In the technical scheme of the disclosure, the related processes of collecting, storing, using, processing, transmitting, providing, disclosing and the like of the personal information of the user accord with the regulations of related laws and regulations, and the public order colloquial is not violated.
FIG. 1 illustrates an exemplary system architecture 100 in which embodiments of a data copy storage method of a distributed system, a data copy access method of a distributed system, an apparatus, an electronic device, and a computer-readable storage medium of the present disclosure may be applied.
As shown in fig. 1, a system architecture 100 may include terminal devices 101, 102, 103, a network 104, and a server 105. The network 104 is used as a medium to provide communication links between the terminal devices 101, 102, 103 and the server 105. The network 104 may include various connection types, such as wired, wireless communication links, or fiber optic cables, among others.
The user may interact with the server 105 via the network 104 using the terminal devices 101, 102, 103 to receive or send messages or the like. Various applications for implementing information communication between the terminal devices 101, 102, 103 and the server 105 may be installed on the terminal devices, for example, a data copy storage application of the distributed system, a data copy access application of the distributed system, an instant messaging application, and the like.
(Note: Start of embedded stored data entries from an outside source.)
(* Let $\lambda=(a,b)$ with $a\ge b\ge1$. Then $$\xi(q)=\sum_k|S_k(\lambda)|q^k=\sum_{i\ge0}|\mathcal D_\lambda(i)|\,(1+q)^i .$$
   Context: $N=a+b$; the shape $(a,b)$ has $a$ boxes in row 1 and $b$ in row 2, left-justified. A row-standard filling uses $1,\dots,N$ once each with rows strictly increasing. Inversion pairs of a row-standard $\tau$: for a box $c$ and $r\ge1$ let $c^{(r)}$ be the box $r$ positions to its right, if it exists. For distinct boxes $c,c'$ in the same column with $\tau(c)<\tau(c')$, let $r\ge1$ be least such that one of $c^{(r)},c'^{(r)}$ does not exist or $\tau(c^{(r)})\ne\tau(c'^{(r)})$; $(c,c')$ is an inversion pair if either (one does not exist and $c$ lies below $c'$) or (both exist and $\tau(c^{(r)})>\tau(c'^{(r)})$). $S_k(\lambda)$: row-standard fillings of shape $\lambda$ with exactly $k$ inversion pairs. A Dyck path of shape $(a,b)$ is a lattice path $\{v_0,\dots,v_{a+b}\}$ from $(0,0)$ to $(a,b)$ with steps $(1,0)$ or $(0,1)$ and every point $(x,y)$ satisfying $y\le x$; $\mathcal D_\lambda$ is the set of these. A return to ground is an index $i\ge1$ with $v_i=(x,x)$ for some $x$; $\mathcal D_\lambda(i)$ is the set of paths in $\mathcal D_\lambda$ with exactly $i$ returns to ground. *)

From HB Require Import structures.
From mathcomp Require Import all_boot all_order all_algebra.
Set Implicit Arguments. Unset Strict Implicit. Unset Printing Implicit Defensive.
Import GRing.Theory.

(* Boxes of the shape (a,b) (with a >= b) are encoded as pairs (r, c) of a
   row index r : 'I_2 (0 = first/top row, 1 = second row) and a column
   index c : 'I_a; the box exists iff c < (length of row r). *)
Definition row_len (a b : nat) (r : nat) : nat := if r == 0 then a else b.

Definition in_shape (a b : nat) (x : 'I_2 * 'I_a) : bool :=
  (x.2 < row_len a b x.1)%N.

(* A filling: a finite function on all encoded boxes with values in
   {0,...,N}; boxes outside the shape carry the dummy value 0. *)
Definition filling (a b : nat) := {ffun 'I_2 * 'I_a -> 'I_(a + b).+1}.

Definition row_standard (a b : nat) (t : filling a b) : bool :=
  [forall x, (~~ in_shape b x) ==> (val (t x) == 0%N)] &&
  [forall x, in_shape b x ==> (val (t x) != 0%N)] &&
  [forall x, forall y, [&& in_shape b x, in_shape b y & t x == t y] ==> (x == y)] &&
  [forall x, forall y,
     [&& in_shape b x, in_shape b y, x.1 == y.1 & (x.2 < y.2)%N]
       ==> (val (t x) < val (t y))%N].

Definition entry (a b : nat) (t : filling a b) (r c : nat) : option nat :=
  if [pick x | [&& in_shape b x, val x.1 == r & val x.2 == c]] is Some x
  then Some (val (t x)) else None.

(* Scan r = r0, r0+1, ... for the least r with c^(r) or c'^(r) missing,
   or with distinct entries there, and decide the inversion condition. *)
Fixpoint inv_scan (a b : nat) (t : filling a b) (rc cc rc' cc' : nat)
    (fuel r : nat) : bool :=
  match fuel with
  | 0 => false
  | f.+1 =>
    match entry t rc (cc + r), entry t rc' (cc' + r) with
    | Some x, Some y =>
        if x == y then inv_scan t rc cc rc' cc' f r.+1 else (y < x)%N
    | _, _ => (rc' < rc)%N   (* c lies below c' *)
    end
  end.

Definition inversion_pair (a b : nat) (t : filling a b)
    (c c' : 'I_2 * 'I_a) : bool :=
  [&& in_shape b c, in_shape b c', c != c', val c.2 == val c'.2,
      (val (t c) < val (t c'))%N &
      inv_scan t c.1 c.2 c'.1 c'.2 a.+1 1].

Definition ninv (a b : nat) (t : filling a b) : nat :=
  #|[set p : ('I_2 * 'I_a) * ('I_2 * 'I_a) | inversion_pair t p.1 p.2]|.

Definition S_k (a b k : nat) : {set filling a b} :=
  [set t : filling a b | row_standard t && (ninv t == k)].

(* Lattice paths from (0,0) to (a,b) encoded by their step sequence:
   false = step (1,0), true = step (0,1).  The point v_i is
   (#false in the first i steps, #true in the first i steps). *)
Definition pt_x (n : nat) (p : n.-tuple bool) (i : nat) : nat :=
  count negb (take i p).
Definition pt_y (n : nat) (p : n.-tuple bool) (i : nat) : nat :=
  count id (take i p).

Definition dyck (a b : nat) (p : (a + b).-tuple bool) : bool :=
  (pt_x p (a + b) == a) && (pt_y p (a + b) == b) &&
  [forall i : 'I_(a + b).+1, (pt_y p i <= pt_x p i)%N].

Definition nreturns (n : nat) (p : n.-tuple bool) : nat :=
  #|[set i : 'I_n.+1 | (0 < val i)%N && (pt_x p i == pt_y p i)]|.

Definition D_i (a b i : nat) : {set (a + b).-tuple bool} :=
  [set p : (a + b).-tuple bool | dyck p && (nreturns p == i)].

From HB Require Import structures.
From mathcomp Require Import all_boot all_order all_algebra.
From mathcomp Require Import zify ring.
Set Implicit Arguments. Unset Strict Implicit. Unset Printing Implicit Defensive.
Import Order.TTheory GRing.Theory Num.Theory.
Definition item_coord i : Defs.coord m := exist _ [set i] (mem_set_neq0 (set11 i)).

Definition pair_coord i j : Defs.coord m :=
  exist _ [set i; j] (mem_set_neq0 (setU11 i [set j])).

Lemma val_ofE x S (S_neq0 : S != set0) : val_of x S = x (exist _ S S_neq0).
Proof. by rewrite /val_of insubT. Qed.

Lemma pair_sum_coord x i j k :
  pair_sum (val_of x) i j k = x (pair_coord i j) + x (item_coord k).
Proof.
by rewrite /pair_sum (val_ofE _ (mem_set_neq0 (setU11 i [set j])))
  (val_ofE _ (mem_set_neq0 (set11 k))).
Qed.

Lemma coord_neq (S T : Defs.coord m) i : i \in val S -> i \notin val T -> S != T.
Proof. by move=> iS; apply: contraNneq => <-. Qed.

Lemma pair_coord_neq_item i j k : i != j -> pair_coord i j != item_coord k.
Proof.
move=> ij; have [-> | ki] := eqVneq k i.
  by apply: (coord_neq (i := j)); rewrite /= !inE ?eqxx ?orbT // eq_sym.
by apply: (coord_neq (i := i)); rewrite /= !inE ?eqxx // eq_sym.
Qed.

Lemma exists_near_not_GS x i j k : i != j -> i != k -> j != k ->
  pair_sum (val_of x) i k j <= pair_sum (val_of x) i j k ->
  pair_sum (val_of x) j k i <= pair_sum (val_of x) i j k ->
  forall e, 0 < e -> exists y, (forall c, `|y c - x c| < e) /\ ~ GS_class y.
Proof.
move=> ij ik jk le_ikj le_jki e e_gt0.
pose y c := x c + (if c == pair_coord i j then e / 2 else 0).
have y_other c : c != pair_coord i j -> y c = x c.
  by rewrite /y => /negbTE ->; rewrite addr0.
have y_ij : y (pair_coord i j) = x (pair_coord i j) + e / 2 by rewrite /y eqxx.
have y_item l : y (item_coord l) = x (item_coord l).
  by rewrite y_other // eq_sym pair_coord_neq_item.
have y_pair l : y (pair_coord l k) = x (pair_coord l k).
  apply: y_other; apply: (coord_neq (i := k)); rewrite /= !inE ?eqxx ?orbT //.
  by rewrite negb_or ![k == _]eq_sym ik jk.
exists y; split=> [c | [y_val gs]].
  by rewrite /y addrAC subrr add0r; case: eqP => _; rewrite ?normr0 ?ger0_norm; lra.
apply: (gross_substitutes_split_not_strict_max y_val ij ik jk gs);
  move: le_ikj le_jki; rewrite !pair_sum_coord !y_item !y_pair y_ij; lra.
Qed.

Section ThreeItems.
Variables a b c : 'I_m.
Hypotheses (ab : a != b) (ac : a != c) (bc : b != c).

Lemma GS_class_split_tie x : GS_class x ->
  [\/ x (pair_coord a b) = x (pair_coord a c) + x (item_coord b) - x (item_coord c),
      x (pair_coord a b) = x (pair_coord b c) + x (item_coord a) - x (item_coord c)
    | x (pair_coord a c) = x (pair_coord b c) + x (item_coord a) - x (item_coord b)].
Proof.
move=> [x_val gs]; have := gross_substitutes_split_tie x_val gs ab ac bc.
rewrite !pair_sum_coord => -[e | e | e];
  [constructor 1 | constructor 2 | constructor 3]; lra.
Qed.

Lemma lebesgue_null_GS_class : lebesgue_null (@GS_class R m).
Proof.
have ab_ac : pair_coord a b != pair_coord a c.
  by apply: (coord_neq (i := b)); rewrite /= !inE ?eqxx ?orbT // negb_or eq_sym ab bc.
have ab_bc : pair_coord a b != pair_coord b c.
  by apply: (coord_neq (i := a)); rewrite /= !inE ?eqxx // negb_or ab ac.
have ac_bc : pair_coord a c != pair_coord b c.
  by apply: (coord_neq (i := a)); rewrite /= !inE ?eqxx // negb_or ab ac.
have ab_item k : pair_coord a b != item_coord k by apply: pair_coord_neq_item.
have ac_item k : pair_coord a c != item_coord k by apply: pair_coord_neq_item.
change (box_null (@GS_class R m)).
apply: box_null_sub (box_null_setU (pair_coord a b)
  (box_null_hyperplane ab_ac (ab_item b) (ab_item c))
  (box_null_setU (pair_coord a b) (box_null_hyperplane ab_bc (ab_item a) (ab_item c))
    (box_null_hyperplane ac_bc (ac_item a) (ac_item b)))).
by move=> x /GS_class_split_tie [] e; [left | right; left | right; right].
Qed.

Lemma empty_interior_GS_class : empty_interior (@GS_class R m).
Proof.
move=> x _; set v := val_of x.
have [ba ca cb] : [/\ b != a, c != a & c != b] by rewrite ![_ == a]eq_sym ab ac eq_sym.
case: (max3_cases (pair_sum v a b c) (pair_sum v a c b) (pair_sum v b c a)).
- by move=> [le_acb le_bca]; apply: exists_near_not_GS ab ac bc le_acb le_bca.
- move=> [le_abc le_bca]; apply: exists_near_not_GS ac ab cb le_abc _.
  by rewrite (pair_sumC v b c a).
- move=> [le_abc le_acb]; apply: exists_near_not_GS bc ba ca _ _.
  + by rewrite (pair_sumC v a b c).
  + by rewrite (pair_sumC v a c b).
Qed.
Lemma family_meet i j : i != j -> #|` family i `&` family j| <= k.
Proof.
have disjoint0 (A B : {fset point}) : [disjoint A & B] -> #|` A `&` B| <= k.
  by rewrite -fsetI_eq0 => /eqP ->; rewrite cardfs0.
move=> ij; case: familyP => [H Hn Hi|_]; case: familyP => [H' H'n H'j|_].
- by apply: block_meet => //; apply: contraNneq ij => HH'; rewrite -Hi -H'j HH'.
- apply: disjoint0; apply/fdisjointP => _ /imfsetP[p _ ->].
  by apply/negP => /imfsetP[].
- apply: disjoint0; apply/fdisjointP => _ /imfsetP[m _ ->].
  by apply/negP => /imfsetP[].
- apply: disjoint0; apply/fdisjointP => _ /imfsetP[m _ ->].
  by apply/negP => /imfsetP[m' _ [ijE _]]; move: ij; rewrite ijE eqxx.
Qed.

Lemma card_family i : #|` family i| = t.
Proof. by case: familyP => [H Hn _|_]; [apply: card_block|apply: card_filler]. Qed.

Lemma family_system : k < t -> is_system family t k.+1.
Proof.
move=> kt; split; last by split; [exact: card_family|move=> i j /eqP; exact: family_meet].
move=> i j familyE; apply/eqP; apply: contraT => /family_meet.
by rewrite familyE fsetIid card_family leqNgt kt.
Qed.

Lemma family_no_cf (M : Type) :
  partition_rel L ('I_k -> M) n n.-1 -> chiCF_gt family M.
Proof.
move=> part [f f_cf].
have [H [Hn [col Hcol]]] := part (fun s m => f (inl (s, val m))).
have fE s m (mk : m < k) : s `<=` H -> #|` s| = n.-1 -> f (inl (s, m)) = col (Ordinal mk).
  by move=> sH sn; rewrite -(Hcol s sH sn).
have inH p : p \in P -> omit x0 H p.1 `<=` H /\ #|` omit x0 H p.1| = n.-1.
  by case/P_bound => p1 _; rewrite omit_sub card_omit Hn.
have [zeta [x [+ [fx x_uniq]]]] := f_cf (code H).
rewrite family_code // => /imfsetP[p pP xE].
have [q qP [qp qp2]] := P_twin pP.
have [[p1n p2k] [q1n _]] := (P_bound pP, P_bound qP).
have qE : inl (omit x0 H q.1, q.2) = x.
  apply: x_uniq; first by rewrite family_code //; apply/imfsetP; exists q.
  have [[pH pn] [qH qn]] := (inH p pP, inH q qP).
  by rewrite -fx xE qp2 (fE _ _ p2k qH qn) (fE _ _ p2k pH pn).
rewrite -Hn in p1n q1n; move: qE qp; rewrite xE => -[/(omit_inj q1n p1n) q1E q2E].
by rewrite [q]surjective_pairing q1E q2E -surjective_pairing eqxx.
Qed.
End System.

Theorem theorem3p1 (L : choiceType) (M : Type) (n k : nat) :
  infinite_type L -> 2 <= n -> 1 <= k ->
  partition_rel L ('I_k -> M) n n.-1 ->
  forall t : nat,
    ((2 < n /\ k < t <= n * k) \/ (n = 2 /\ ~~ odd t /\ k < t <= 2 * k)) ->
    chiCF_sys_gt L t k.+1 M.
Proof.
move=> Linf n2 k1 part t t_range.
have [kt tnk t1 t_even] : [/\ k < t, t <= n * k, t != 1 & (n = 2 -> ~~ odd t)].
  by case: t_range => [[n3 /andP[? ?]]|[-> [? /andP[? ?]]]]; split => //; lia.
have [P [P_uniq P_size P_bound P_twin]] := column_pattern n2 tnk t1 t_even.
have [code code_inj] := fset_inj_of_infinite Linf.
exists _, (family (code fset0) code n t P); split; first by apply: family_system.
by move: part; apply: family_no_cf.
Qed.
The terminal devices 101, 102, 103 and the server 105 may be hardware or software. When the terminal devices 101, 102, 103 are hardware, they may be various electronic devices with display screens, including but not limited to smartphones, tablet computers, laptop computers, desktop computers, etc., and when the terminal devices 101, 102, 103 are software, they may be installed in the above-listed electronic devices, which may be implemented as a plurality of software or software modules, or as a single software or software module, which is not particularly limited herein. When the server 105 is hardware, it may be implemented as a distributed server cluster formed by a plurality of servers, or may be implemented as a single server, and when the server is software, it may be implemented as a plurality of software or software modules, or may be implemented as a single software or software module, which is not limited herein specifically.
The server 105 can provide various services through various built-in applications, for example, a data copy storage application of the distributed system can be provided, and when the data copy storage application of the distributed system is operated, the server 105 can achieve the following effects that the weight value of a physical node is determined based on the state information of the physical node in the distributed system, wherein the state information comprises the load information of the physical node, the physical nodes which are distributed into different logic partitions in the distributed system are combined into a distribution group based on the weight value of the physical node, and a plurality of fragments of the data copy are stored in the physical nodes of the same distribution group.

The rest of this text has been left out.